(* Let $\mu$ be a continuous capacity on a measurable space $(\Omega,\mathcal{F})$ and let $\mathcal{F}_0$ be a sub-$\sigma$-algebra of $\mathcal{F}$ with $\mu(A)\in\{0,1\}$ for all $A\in\mathcal{F}_0$. Then: (i) for every $\mathcal{F}_0$-measurable real-valued random variable $\xi$, $$\mu\Big(\Big\{\omega:\ \xi(\omega)\ge \int_{\Omega}\xi\, d\mu\Big\}\Big)=1\quad\text{and}\quad \mu\Big(\Big\{\omega:\ \xi(\omega)\le\int_{\Omega}\xi\, d\bar{\mu}\Big\}\Big)=1;$$ (ii) if moreover $\mu(A\cap B)=1$ for all $A,B\in\mathcal{F}_0$ with $\mu(A)=\mu(B)=1$, then for every $\mathcal{F}_0$-measurable real-valued random variable $\xi$, $$\mu\Big(\Big\{\omega:\ \int_{\Omega}\xi\, d\mu \le\xi(\omega)\le\int_{\Omega}\xi\, d\bar{\mu}\Big\}\Big)=1.$$
   Context: A capacity on $\mathcal{F}$ is a set function $\mu:\mathcal{F}\to[0,1]$ with $\mu(\emptyset)=0$, $\mu(\Omega)=1$ and $\mu(A)\le\mu(B)$ whenever $A\subseteq B$; it is continuous if $\mu(A_n)\to\mu(A)$ both whenever $A_n\uparrow A$ and whenever $A_n\downarrow A$. The conjugate capacity is $\bar{\mu}(A)=1-\mu(A^c)$. The Choquet integral of a real-valued $\mathcal{F}$-measurable $\xi$ with respect to a capacity $\mu$ is $\int_{\Omega}\xi\, d\mu=\int_{0}^{\infty}\mu(\{\xi\ge t\})\,dt+\int_{-\infty}^0[\mu(\{\xi\ge t\})-1]\,dt$. *)

From HB Require Import structures.
From mathcomp Require Import all_boot all_order all_algebra.
From mathcomp Require Import all_classical all_reals all_analysis.
Set Implicit Arguments. Unset Strict Implicit. Unset Printing Implicit Defensive.
Import Order.TTheory GRing.Theory Num.Theory.
Import numFieldNormedType.Exports.
Local Open Scope classical_set_scope.
Local Open Scope ring_scope.

Section Capacity.
Context {d : measure_display} {T : measurableType d} {R : realType}.

(** A capacity on the sigma-algebra [measurable] of T (values on
    non-measurable sets are irrelevant). *)
Definition capacity (mu : set T -> R) : Prop :=
  [/\ mu set0 = 0, mu setT = 1,
      (forall A, measurable A -> 0 <= mu A <= 1) &
      (forall A B, measurable A -> measurable B -> A `<=` B -> mu A <= mu B)].

Definition continuous_capacity (mu : set T -> R) : Prop :=
  capacity mu /\
  (forall (A : (set T)^nat), (forall n, measurable (A n)) ->
     nondecreasing_seq A -> (fun n => mu (A n)) @ \oo --> mu (\bigcup_n A n)) /\
  (forall (A : (set T)^nat), (forall n, measurable (A n)) ->
     nonincreasing_seq A -> (fun n => mu (A n)) @ \oo --> mu (\bigcap_n A n)).

Definition conj_cap (mu : set T -> R) : set T -> R := fun A => 1 - mu (~` A).

Definition choquet (mu : set T -> R) (xi : T -> R) : \bar R :=
  ((\int[lebesgue_measure]_(t in `[0%R, +oo[) (mu [set w | t <= xi w])%:E)
   + (\int[lebesgue_measure]_(t in `]-oo, 0%R[) (mu [set w | t <= xi w] - 1)%:E))%E.

End Capacity.

(* For an F0-measurable xi every level set {xi >= t} lies in F0, so
   t |-> mu (xi >= t) is a nonincreasing {0,1}-valued function.  Continuity of
   mu makes it tend to 1 at -oo and to 0 at +oo and makes it left-continuous,
   so it is the indicator of ]-oo, c] with c the supremum of the t where it
   equals 1.  The Choquet integral of xi is then c, and mu (xi >= c) = 1.
   The conjugate capacity is again continuous and {0,1}-valued on the level
   sets of xi, so the same argument gives a threshold c' for it; since it
   vanishes on the sets {xi >= c' + 1/(n+1)}, which increase to {xi > c'},
   we get mu (xi <= c') = 1.  Part (ii) intersects the two events. *)

From HB Require Import structures.
From mathcomp Require Import all_boot all_order all_algebra.
From mathcomp Require Import all_classical all_reals all_analysis.
Import Order.TTheory GRing.Theory Num.Theory.
Import numFieldNormedType.Exports.
Local Open Scope classical_set_scope.
Local Open Scope ring_scope.

Section step_integral.
Context {R : realType}.

Lemma integral_itvcy_indic_itvNyc (c : R) :
  (\int[lebesgue_measure]_(t in `[0%R, +oo[) (\1_`]-oo, c] t)%:E = (Num.max c 0)%:E)%E.
Proof.
rewrite integral_indic// -set_itvI.
apply: eq_trans (lebesgue_measure_itv _) _ => /=.
rewrite lte_fin oppr0 adde0.
by case: ler0P.
Qed.

Lemma integral_itvNyo_indic_itvoy (c : R) :
  (\int[lebesgue_measure]_(t in `]-oo, 0%R[) (\1_`]c, +oo[ t)%:E = (- Num.min c 0)%:E)%E.
Proof.
rewrite integral_indic// -set_itvI.
apply: eq_trans (lebesgue_measure_itv _) _ => /=.
rewrite lte_fin add0e.
by case: ltrP; rewrite ?oppr0.
Qed.

Lemma indic_itvNyc_sub1 (c t : R) : \1_`]-oo, c] t - 1 = - \1_`]c, +oo[ t :> R.
Proof.
rewrite !indicE !mem_setE !in_itv /= andbT ltNge.
by case: (t <= c); rewrite /= ?subrr ?sub0r ?oppr0.
Qed.

Lemma choquet_integral_indic (m : R -> R) (c : R) :
  (forall t, m t = \1_`]-oo, c] t) ->
  (\int[lebesgue_measure]_(t in `[0%R, +oo[) (m t)%:E
   + \int[lebesgue_measure]_(t in `]-oo, 0%R[) (m t - 1)%:E)%E = c%:E.
Proof.
move=> m_indic; under eq_integral => t _ do rewrite m_indic.
under [X in (_ + X)%E]eq_integral => t _ do rewrite m_indic indic_itvNyc_sub1 EFinN.
rewrite integralN; last first.
  rewrite [X in (_ +? - X)%E]integral0_eq ?oppe0; first by case: (\int[_]_(_ in _) _)%E.
  by move=> t _; rewrite (@ge0_funenegE _ _ setT) ?inE.
rewrite integral_itvcy_indic_itvNyc integral_itvNyo_indic_itvoy -EFinN opprK -EFinD.
by rewrite addr_max_min addr0.
Qed.

End step_integral.

Section zero_one_monotone.
Context {R : realType}.

Lemma cvg_cst_eq {u : R^nat} {a b : R} : (forall n, u n = a) -> u @ \oo --> b -> a = b.
Proof. by move=> /funext-> a_b; apply: cvg_unique (cvg_cst a) a_b. Qed.

Lemma two_valued_cvg_attained {u : R^nat} {a b : R} :
  (forall n, u n = a \/ u n = b) -> a != b -> u @ \oo --> a -> exists n, u n = a.
Proof.
move=> uab + u_a; apply: contra_neqP => no_a; apply/esym; apply: cvg_cst_eq u_a => n.
by case: (uab n) => // una; exfalso; apply: no_a; exists n.
Qed.

Lemma zero_one_nonincreasing_indic (f : R -> R) :
  (forall t, f t = 0 \/ f t = 1) -> {homo f : s t /~ s <= t} ->
  (exists t, f t = 1) -> (exists t, f t = 0) ->
  (forall t, (fun n => f (t - n.+1%:R^-1)) @ \oo --> f t) ->
  exists c, forall t, f t = \1_`]-oo, c] t.
Proof.
move=> f01 f_noninc [t1 ft1] [t0 ft0] f_leftcont.
pose S := [set t | f t = 1].
have S_ub : ubound S t0.
  move=> t St; rewrite leNgt; apply/negP => t0t.
  by have := f_noninc _ _ (ltW t0t); rewrite St ft0 ler10.
have S_sup : has_sup S by split; [exists t1 | exists t0].
have f_lt_sup t : t < sup S -> f t = 1.
  move=> /(sup_gt (ex_intro _ t1 ft1)) [s Ss ts].
  have := f_noninc _ _ (ltW ts); rewrite Ss.
  by case: (f01 t) => ->; rewrite ?ler10.
exists (sup S) => t; rewrite indicE mem_setE in_itv /=.
have [t_gt|] := ltP (sup S) t.
  by case: (f01 t) => // /(sup_upper_bound S_sup) /=; rewrite leNgt t_gt.
rewrite le_eqVlt => /predU1P[->|]; last exact: f_lt_sup.
apply/esym; apply: cvg_cst_eq (f_leftcont _) => n; apply: f_lt_sup.
by rewrite ltrBlDr ltrDl invr_gt0 ltr0Sn.
Qed.

End zero_one_monotone.

Section complement_monotone.
Context {T : Type}.

Lemma nondecreasing_seqC (A : (set T)^nat) :
  nondecreasing_seq A -> nonincreasing_seq (fun n => ~` A n).
Proof.
by move=> A_nd n m nm; rewrite subsetEset; apply: subsetC; rewrite -subsetEset; apply: A_nd.
Qed.

Lemma nonincreasing_seqC (A : (set T)^nat) :
  nonincreasing_seq A -> nondecreasing_seq (fun n => ~` A n).
Proof.
by move=> A_ni n m nm; rewrite subsetEset; apply: subsetC; rewrite -subsetEset; apply: A_ni.
Qed.

End complement_monotone.

Lemma continuous_capacity_conj {d : measure_display} {T : measurableType d} {R : realType}
    {mu : set T -> R} :
  continuous_capacity mu -> continuous_capacity (conj_cap mu).
Proof.
move=> [[mu0 muT mu01 mu_mono] [mu_up mu_down]].
split; [split|split].
- by rewrite /conj_cap setC0 muT subrr.
- by rewrite /conj_cap setCT mu0 subr0.
- move=> A mA; have /andP[ge0 le1] := mu01 _ (measurableC mA).
  by rewrite /conj_cap subr_ge0 le1 gerBl ge0.
- move=> A B mA mB AB; rewrite /conj_cap lerD2l lerN2.
  by apply: mu_mono; [exact: measurableC | exact: measurableC | exact: subsetC].
- move=> A mA A_nd; rewrite /conj_cap setC_bigcup; apply: cvgB; first exact: cvg_cst.
  by apply: mu_down => [n|]; [exact: measurableC | exact: nondecreasing_seqC].
- move=> A mA A_ni; rewrite /conj_cap setC_bigcap; apply: cvgB; first exact: cvg_cst.
  by apply: mu_up => [n|]; [exact: measurableC | exact: nonincreasing_seqC].
Qed.

Lemma exists_nat_bracket {R : archiRealDomainType} (x : R) :
  exists n : nat, - n%:R < x < n%:R.
Proof. by exists (Num.bound `|x|); rewrite -ltr_norml archi_boundP. Qed.

Lemma lef_invS {R : numFieldType} (m n : nat) :
  (m <= n)%N -> n.+1%:R^-1 <= m.+1%:R^-1 :> R.
Proof. by move=> mn; rewrite lef_pV2 ?posrE ?ltr0Sn // ler_nat. Qed.

Section level_sets.
Context {d : measure_display} {T : measurableType d} {R : realType}.
Variable xi : T -> R.
Hypothesis xi_ge_measurable : forall t, measurable [set w | t <= xi w].

Let level t := [set w | t <= xi w].

Let level_nondecreasing (g : R^nat) :
  nonincreasing_seq g -> nondecreasing_seq (fun n => level (g n)).
Proof. by move=> g_ni n m nm; rewrite subsetEset => w; apply: le_trans (g_ni _ _ nm). Qed.

Let level_nonincreasing (g : R^nat) :
  nondecreasing_seq g -> nonincreasing_seq (fun n => level (g n)).
Proof. by move=> g_nd n m nm; rewrite subsetEset => w; apply: le_trans (g_nd _ _ nm). Qed.

Lemma capacity_level_indic {nu : set T -> R} :
  continuous_capacity nu ->
  (forall t, nu [set w | t <= xi w] = 0 \/ nu [set w | t <= xi w] = 1) ->
  exists c, forall t, nu [set w | t <= xi w] = \1_`]-oo, c] t.
Proof.
move=> [[nu0 nuT _ nu_mono] [nu_up nu_down]] nu01.
have levelNn_setT : \bigcup_n level (- n%:R) = setT.
  rewrite -subTset => w _; have [n /andP[n_lt _]] := exists_nat_bracket (xi w).
  by exists n => //; apply: ltW.
have leveln_set0 : \bigcap_n level n%:R = set0.
  rewrite -subset0 => w w_level; have [n /andP[_ n_gt]] := exists_nat_bracket (xi w).
  by have := w_level n I; rewrite /level /= leNgt n_gt.
have level_left t : \bigcap_n level (t - n.+1%:R^-1) = level t.
  apply/seteqP; split => w /= w_level; last first.
    by move=> n _; rewrite /level /= (le_trans _ w_level) // gerBl invr_ge0.
  rewrite /level /= leNgt; apply/negP => /ltr_add_invr[n].
  by have := w_level n I; rewrite /level /= lerBlDr leNgt => /negP.
apply: zero_one_nonincreasing_indic => //.
- by move=> s t st; apply: nu_mono => // w; apply: le_trans.
- have [n n_1] : exists n, nu (level (- n%:R)) = 1.
    apply: (two_valued_cvg_attained _ (oner_neq0 R)) => [n|]; first exact/or_comm/nu01.
    rewrite -[X in _ --> X]nuT -levelNn_setT.
    apply: nu_up (fun n => xi_ge_measurable _) _.
    by apply: (level_nondecreasing (fun n => - n%:R)) => m n mn; rewrite lerN2 ler_nat.
  by exists (- n%:R).
- have [n n_0] : exists n, nu (level n%:R) = 0.
    have zero_neq1 : (0 : R) != 1 by rewrite eq_sym oner_neq0.
    apply: (two_valued_cvg_attained _ zero_neq1) => [n|]; first exact: nu01.
    rewrite -[X in _ --> X]nu0 -leveln_set0.
    apply: nu_down (fun n => xi_ge_measurable _) _.
    by apply: (level_nonincreasing (fun n => n%:R)) => m n mn; rewrite ler_nat.
  by exists n%:R.
- move=> t; rewrite -[X in _ --> X]/(nu (level t)) -level_left.
  apply: nu_down (fun n => xi_ge_measurable _) _.
  apply: (level_nonincreasing (fun n => t - n.+1%:R^-1)) => m n mn.
  by rewrite lerD2l lerN2 lef_invS.
Qed.

Lemma choquet_zero_one_level {nu : set T -> R} :
  continuous_capacity nu ->
  (forall t, nu [set w | t <= xi w] = 0 \/ nu [set w | t <= xi w] = 1) ->
  exists2 c, choquet nu xi = c%:E & forall t, nu [set w | t <= xi w] = \1_`]-oo, c] t.
Proof.
move=> nu_cont nu01; have [c nu_level] := capacity_level_indic nu_cont nu01.
by exists c => //; apply: choquet_integral_indic.
Qed.

Lemma conj_cap_level_indic_le {mu : set T -> R} {c : R} :
  continuous_capacity mu ->
  (forall t, conj_cap mu [set w | t <= xi w] = \1_`]-oo, c] t) ->
  mu [set w | xi w <= c] = 1.
Proof.
move=> mu_cont conj_level; have [_ [conj_up _]] := continuous_capacity_conj mu_cont.
have level_right : \bigcup_n level (c + n.+1%:R^-1) = [set w | c < xi w].
  apply/seteqP; split => [w [n _]|w /ltr_add_invr[n n_lt]].
    by apply: lt_le_trans; rewrite ltrDl invr_gt0 ltr0Sn.
  by exists n => //; apply: ltW.
have : conj_cap mu [set w | c < xi w] = 0.
  rewrite -level_right; apply/esym.
  apply: (cvg_cst_eq _ (conj_up _ (fun n => xi_ge_measurable _) _)).
    move=> n; rewrite conj_level indicE mem_setE in_itv /=.
    by rewrite leNgt ltrDl invr_gt0 ltr0Sn.
  apply: (level_nondecreasing (fun n => c + n.+1%:R^-1)) => m n mn.
  by rewrite lerD2l lef_invS.
rewrite /conj_cap -preimage_itvoy preimage_setC setCitvr preimage_itvNyc.
by move/eqP; rewrite subr_eq0 => /eqP <-.
Qed.

Lemma choquet_ae_bounds (mu : set T -> R) :
  continuous_capacity mu ->
  (forall t, mu [set w | t <= xi w] = 0 \/ mu [set w | t <= xi w] = 1) ->
  (forall t, mu [set w | xi w < t] = 0 \/ mu [set w | xi w < t] = 1) ->
  (exists2 c, choquet mu xi = c%:E & mu [set w | c <= xi w] = 1) /\
  (exists2 c, choquet (conj_cap mu) xi = c%:E & mu [set w | xi w <= c] = 1).
Proof.
move=> mu_cont mu01_ge mu01_lt; split.
  have [c choquet_c mu_level] := choquet_zero_one_level mu_cont mu01_ge.
  by exists c => //; rewrite mu_level indicE mem_setE in_itv /= lexx.
have conj_level t : conj_cap mu [set w | t <= xi w] = 1 - mu [set w | xi w < t].
  by rewrite /conj_cap -preimage_itvcy preimage_setC setCitvr preimage_itvNyo.
have [t|c choquet_c conj_c] := choquet_zero_one_level (continuous_capacity_conj mu_cont).
  by rewrite conj_level; case: (mu01_lt t) => ->; rewrite ?subr0 ?subrr; [right | left].
by exists c => //; apply: conj_cap_level_indic_le mu_cont conj_c.
Qed.

End level_sets.

Theorem theorem2 (d : measure_display) (T : measurableType d) (R : realType)
  (mu : set T -> R) (F0 : set (set T)) :
  continuous_capacity mu ->
  sigma_algebra setT F0 ->
  F0 `<=` measurable ->
  (forall A, F0 A -> mu A = 0 \/ mu A = 1) ->
  (forall xi : T -> R,
     (forall B : set R, measurable B -> F0 (xi @^-1` B)) ->
     mu [set w | (choquet mu xi <= (xi w)%:E)%E] = 1 /\
     mu [set w | ((xi w)%:E <= choquet (conj_cap mu) xi)%E] = 1) /\
  ((forall A B, F0 A -> F0 B -> mu A = 1 -> mu B = 1 -> mu (A `&` B) = 1) ->
   forall xi : T -> R,
     (forall B : set R, measurable B -> F0 (xi @^-1` B)) ->
     mu [set w | (choquet mu xi <= (xi w)%:E)%E /\
                 ((xi w)%:E <= choquet (conj_cap mu) xi)%E] = 1).
Proof.
move=> mu_cont _ F0_meas F0_01.
have F0_itv xi (i : interval R) : (forall B, measurable B -> F0 (xi @^-1` B)) ->
    F0 (xi @^-1` [set` i]).
  by move=> xi_F0; apply: xi_F0; apply: measurable_itv.
have ae_bounds xi : (forall B, measurable B -> F0 (xi @^-1` B)) ->
    (exists2 c, choquet mu xi = c%:E & mu [set w | c <= xi w] = 1) /\
    (exists2 c, choquet (conj_cap mu) xi = c%:E & mu [set w | xi w <= c] = 1).
  move=> xi_F0; apply: choquet_ae_bounds => // t.
  - by apply: F0_meas; rewrite -preimage_itvcy; apply: F0_itv.
  - by apply: F0_01; rewrite -preimage_itvcy; apply: F0_itv.
  - by apply: F0_01; rewrite -preimage_itvNyo; apply: F0_itv.
split=> [xi xi_F0 | F0_setI xi xi_F0];
  have [[c1 -> mu_ge] [c2 -> mu_le]] := ae_bounds xi xi_F0.
  by split; under eq_set do rewrite lee_fin.
under eq_set do rewrite !lee_fin.
apply: (F0_setI [set w | c1 <= xi w] [set w | xi w <= c2]) => //.
  by rewrite -preimage_itvcy; apply: F0_itv.
by rewrite -preimage_itvNyc; apply: F0_itv.
Qed.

• _Instructions to follow_
Reproduce exactly the entries above, limited to the lines from the one with "have level_left t" through the one with "apply: (two_valued_cvg_attained _ (oner_neq0", both included.

• _Written reply_
have level_left t : \bigcap_n level (t - n.+1%:R^-1) = level t.
  apply/seteqP; split => w /= w_level; last first.
    by move=> n _; rewrite /level /= (le_trans _ w_level) // gerBl invr_ge0.
  rewrite /level /= leNgt; apply/negP => /ltr_add_invr[n].
  by have := w_level n I; rewrite /level /= lerBlDr leNgt => /negP.
apply: zero_one_nonincreasing_indic => //.
- by move=> s t st; apply: nu_mono => // w; apply: le_trans.
- have [n n_1] : exists n, nu (level (- n%:R)) = 1.
    apply: (two_valued_cvg_attained _ (oner_neq0 R)) => [n|]; first exact/or_comm/nu01.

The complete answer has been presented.